- Problem to solve
Go through the lines of the material and count the ones with the word "Section". Give that count alone.

- Records for the task
==============================

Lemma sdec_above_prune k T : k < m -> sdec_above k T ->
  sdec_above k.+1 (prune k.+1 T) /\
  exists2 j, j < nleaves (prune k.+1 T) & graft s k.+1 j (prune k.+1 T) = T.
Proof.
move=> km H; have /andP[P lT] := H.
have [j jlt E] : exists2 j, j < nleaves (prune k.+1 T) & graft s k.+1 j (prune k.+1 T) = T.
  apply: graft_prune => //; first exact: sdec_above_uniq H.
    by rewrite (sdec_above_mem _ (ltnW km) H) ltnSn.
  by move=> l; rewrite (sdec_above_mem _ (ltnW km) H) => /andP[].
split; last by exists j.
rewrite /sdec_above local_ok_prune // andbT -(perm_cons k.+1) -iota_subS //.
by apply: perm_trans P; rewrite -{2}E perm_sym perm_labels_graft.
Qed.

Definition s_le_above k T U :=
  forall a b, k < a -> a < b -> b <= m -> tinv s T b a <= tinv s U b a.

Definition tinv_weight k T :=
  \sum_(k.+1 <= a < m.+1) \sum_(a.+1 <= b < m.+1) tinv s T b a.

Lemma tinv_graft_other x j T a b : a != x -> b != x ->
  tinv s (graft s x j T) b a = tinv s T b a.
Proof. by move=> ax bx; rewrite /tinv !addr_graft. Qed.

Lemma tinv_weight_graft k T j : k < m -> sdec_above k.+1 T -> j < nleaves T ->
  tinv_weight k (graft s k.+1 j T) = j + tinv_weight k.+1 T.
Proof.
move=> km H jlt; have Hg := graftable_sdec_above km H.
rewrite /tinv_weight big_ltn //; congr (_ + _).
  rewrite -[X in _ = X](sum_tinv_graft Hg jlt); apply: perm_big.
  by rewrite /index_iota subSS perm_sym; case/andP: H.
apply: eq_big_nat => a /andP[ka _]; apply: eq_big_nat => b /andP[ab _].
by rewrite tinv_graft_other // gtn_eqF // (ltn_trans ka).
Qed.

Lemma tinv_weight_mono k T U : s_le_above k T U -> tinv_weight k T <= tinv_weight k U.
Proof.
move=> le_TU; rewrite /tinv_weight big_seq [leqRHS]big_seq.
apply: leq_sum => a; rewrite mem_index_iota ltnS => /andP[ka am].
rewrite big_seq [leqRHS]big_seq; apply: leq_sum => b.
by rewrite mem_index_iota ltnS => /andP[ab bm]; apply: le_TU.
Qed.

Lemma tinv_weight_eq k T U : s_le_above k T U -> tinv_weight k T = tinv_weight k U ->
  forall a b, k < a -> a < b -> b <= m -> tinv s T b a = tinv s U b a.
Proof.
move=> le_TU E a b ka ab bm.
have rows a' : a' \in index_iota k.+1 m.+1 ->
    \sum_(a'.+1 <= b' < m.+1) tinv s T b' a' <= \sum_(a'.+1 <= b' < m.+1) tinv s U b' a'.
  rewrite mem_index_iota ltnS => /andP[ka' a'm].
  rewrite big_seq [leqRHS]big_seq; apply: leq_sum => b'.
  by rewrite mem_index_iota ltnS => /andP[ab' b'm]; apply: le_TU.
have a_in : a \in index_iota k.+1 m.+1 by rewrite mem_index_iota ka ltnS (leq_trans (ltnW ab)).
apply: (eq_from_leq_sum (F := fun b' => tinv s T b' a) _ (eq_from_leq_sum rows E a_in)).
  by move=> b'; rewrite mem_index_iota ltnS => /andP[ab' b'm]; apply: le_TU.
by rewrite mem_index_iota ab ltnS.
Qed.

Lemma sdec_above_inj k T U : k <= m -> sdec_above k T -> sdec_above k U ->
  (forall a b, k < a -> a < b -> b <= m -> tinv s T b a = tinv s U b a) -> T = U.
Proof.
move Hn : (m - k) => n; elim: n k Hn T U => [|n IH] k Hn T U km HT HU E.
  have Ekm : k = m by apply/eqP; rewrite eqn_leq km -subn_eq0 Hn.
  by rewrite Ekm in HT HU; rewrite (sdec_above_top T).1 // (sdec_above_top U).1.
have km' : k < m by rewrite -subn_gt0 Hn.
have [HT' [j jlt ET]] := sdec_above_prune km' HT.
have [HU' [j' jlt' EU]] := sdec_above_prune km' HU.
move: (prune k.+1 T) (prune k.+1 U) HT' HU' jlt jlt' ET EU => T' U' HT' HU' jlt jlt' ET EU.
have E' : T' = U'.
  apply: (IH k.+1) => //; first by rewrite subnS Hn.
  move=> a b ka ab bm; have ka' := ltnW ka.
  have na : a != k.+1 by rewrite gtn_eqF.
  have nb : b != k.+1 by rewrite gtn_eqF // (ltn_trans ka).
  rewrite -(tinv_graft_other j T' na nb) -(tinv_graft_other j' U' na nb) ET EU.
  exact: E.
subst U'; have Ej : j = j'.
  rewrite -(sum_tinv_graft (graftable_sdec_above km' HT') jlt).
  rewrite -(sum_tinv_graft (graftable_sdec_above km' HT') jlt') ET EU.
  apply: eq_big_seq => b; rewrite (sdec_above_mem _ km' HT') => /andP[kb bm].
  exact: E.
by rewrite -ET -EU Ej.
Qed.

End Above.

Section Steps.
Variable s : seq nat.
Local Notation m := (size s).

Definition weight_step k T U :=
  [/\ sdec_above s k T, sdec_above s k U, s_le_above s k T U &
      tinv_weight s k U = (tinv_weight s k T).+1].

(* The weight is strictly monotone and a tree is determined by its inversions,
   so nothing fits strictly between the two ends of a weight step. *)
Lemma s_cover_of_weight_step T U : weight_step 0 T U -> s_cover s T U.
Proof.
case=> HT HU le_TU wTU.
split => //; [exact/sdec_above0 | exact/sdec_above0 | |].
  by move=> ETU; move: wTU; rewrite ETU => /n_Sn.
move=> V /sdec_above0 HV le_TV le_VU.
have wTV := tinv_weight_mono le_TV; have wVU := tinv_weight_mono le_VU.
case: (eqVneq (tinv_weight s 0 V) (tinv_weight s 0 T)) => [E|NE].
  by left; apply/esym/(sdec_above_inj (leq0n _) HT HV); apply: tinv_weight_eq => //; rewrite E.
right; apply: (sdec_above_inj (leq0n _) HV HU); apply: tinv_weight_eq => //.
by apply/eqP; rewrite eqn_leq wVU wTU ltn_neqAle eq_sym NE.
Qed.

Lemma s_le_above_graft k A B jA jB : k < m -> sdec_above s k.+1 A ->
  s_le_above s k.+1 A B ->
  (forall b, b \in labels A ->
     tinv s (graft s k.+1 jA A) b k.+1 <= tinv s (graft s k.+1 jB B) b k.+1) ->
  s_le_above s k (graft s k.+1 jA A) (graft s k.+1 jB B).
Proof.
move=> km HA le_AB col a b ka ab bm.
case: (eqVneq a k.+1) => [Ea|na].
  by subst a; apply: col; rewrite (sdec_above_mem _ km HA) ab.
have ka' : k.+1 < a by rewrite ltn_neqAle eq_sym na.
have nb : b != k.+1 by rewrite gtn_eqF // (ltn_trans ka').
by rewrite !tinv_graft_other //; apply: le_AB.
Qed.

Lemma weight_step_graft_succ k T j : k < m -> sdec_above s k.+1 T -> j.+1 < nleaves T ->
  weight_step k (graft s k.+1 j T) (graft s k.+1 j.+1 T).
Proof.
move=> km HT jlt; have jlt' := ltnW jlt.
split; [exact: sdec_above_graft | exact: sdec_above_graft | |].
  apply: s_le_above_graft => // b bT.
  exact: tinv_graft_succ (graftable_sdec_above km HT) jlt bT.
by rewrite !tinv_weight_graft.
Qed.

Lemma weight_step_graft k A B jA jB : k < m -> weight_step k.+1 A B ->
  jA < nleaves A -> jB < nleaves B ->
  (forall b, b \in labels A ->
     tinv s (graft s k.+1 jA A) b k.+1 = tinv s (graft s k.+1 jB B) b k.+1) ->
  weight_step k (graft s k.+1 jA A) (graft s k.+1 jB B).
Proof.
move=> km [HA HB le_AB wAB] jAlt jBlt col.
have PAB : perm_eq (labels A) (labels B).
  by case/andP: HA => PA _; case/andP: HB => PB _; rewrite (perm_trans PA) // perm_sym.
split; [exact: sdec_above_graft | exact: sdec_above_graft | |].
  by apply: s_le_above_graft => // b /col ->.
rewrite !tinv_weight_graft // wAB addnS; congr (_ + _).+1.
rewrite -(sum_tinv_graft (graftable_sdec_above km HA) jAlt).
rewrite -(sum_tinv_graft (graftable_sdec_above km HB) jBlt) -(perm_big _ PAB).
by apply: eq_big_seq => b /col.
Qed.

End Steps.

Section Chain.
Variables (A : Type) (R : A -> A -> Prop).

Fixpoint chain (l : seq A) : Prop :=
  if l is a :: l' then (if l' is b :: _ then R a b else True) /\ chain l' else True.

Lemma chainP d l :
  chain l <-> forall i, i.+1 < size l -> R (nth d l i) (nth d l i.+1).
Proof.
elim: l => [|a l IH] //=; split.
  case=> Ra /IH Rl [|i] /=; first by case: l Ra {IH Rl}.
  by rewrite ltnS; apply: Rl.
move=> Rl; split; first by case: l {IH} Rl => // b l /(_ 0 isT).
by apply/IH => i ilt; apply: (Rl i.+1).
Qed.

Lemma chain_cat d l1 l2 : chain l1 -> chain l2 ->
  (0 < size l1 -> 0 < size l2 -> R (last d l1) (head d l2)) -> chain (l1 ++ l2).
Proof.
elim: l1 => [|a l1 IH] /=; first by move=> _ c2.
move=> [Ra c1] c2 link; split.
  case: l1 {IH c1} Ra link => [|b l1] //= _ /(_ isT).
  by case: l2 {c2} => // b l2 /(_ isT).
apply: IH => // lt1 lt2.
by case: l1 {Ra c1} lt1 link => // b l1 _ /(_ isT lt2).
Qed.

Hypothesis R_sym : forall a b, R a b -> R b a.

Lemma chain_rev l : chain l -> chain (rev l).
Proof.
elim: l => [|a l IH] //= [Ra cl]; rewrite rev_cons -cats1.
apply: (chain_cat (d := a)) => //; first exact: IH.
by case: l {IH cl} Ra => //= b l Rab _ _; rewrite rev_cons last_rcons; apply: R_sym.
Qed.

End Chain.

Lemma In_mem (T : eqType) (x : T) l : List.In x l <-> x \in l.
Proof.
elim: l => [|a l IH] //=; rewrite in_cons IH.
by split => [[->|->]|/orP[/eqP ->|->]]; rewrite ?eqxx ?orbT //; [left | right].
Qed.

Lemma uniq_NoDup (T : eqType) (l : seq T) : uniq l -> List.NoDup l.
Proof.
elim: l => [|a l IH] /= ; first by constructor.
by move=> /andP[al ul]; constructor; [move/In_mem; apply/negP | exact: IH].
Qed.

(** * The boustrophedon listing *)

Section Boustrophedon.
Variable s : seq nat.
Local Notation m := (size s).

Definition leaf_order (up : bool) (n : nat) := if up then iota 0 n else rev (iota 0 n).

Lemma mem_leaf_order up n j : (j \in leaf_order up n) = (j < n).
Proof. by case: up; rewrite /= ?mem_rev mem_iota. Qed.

==============================

- Written solution
3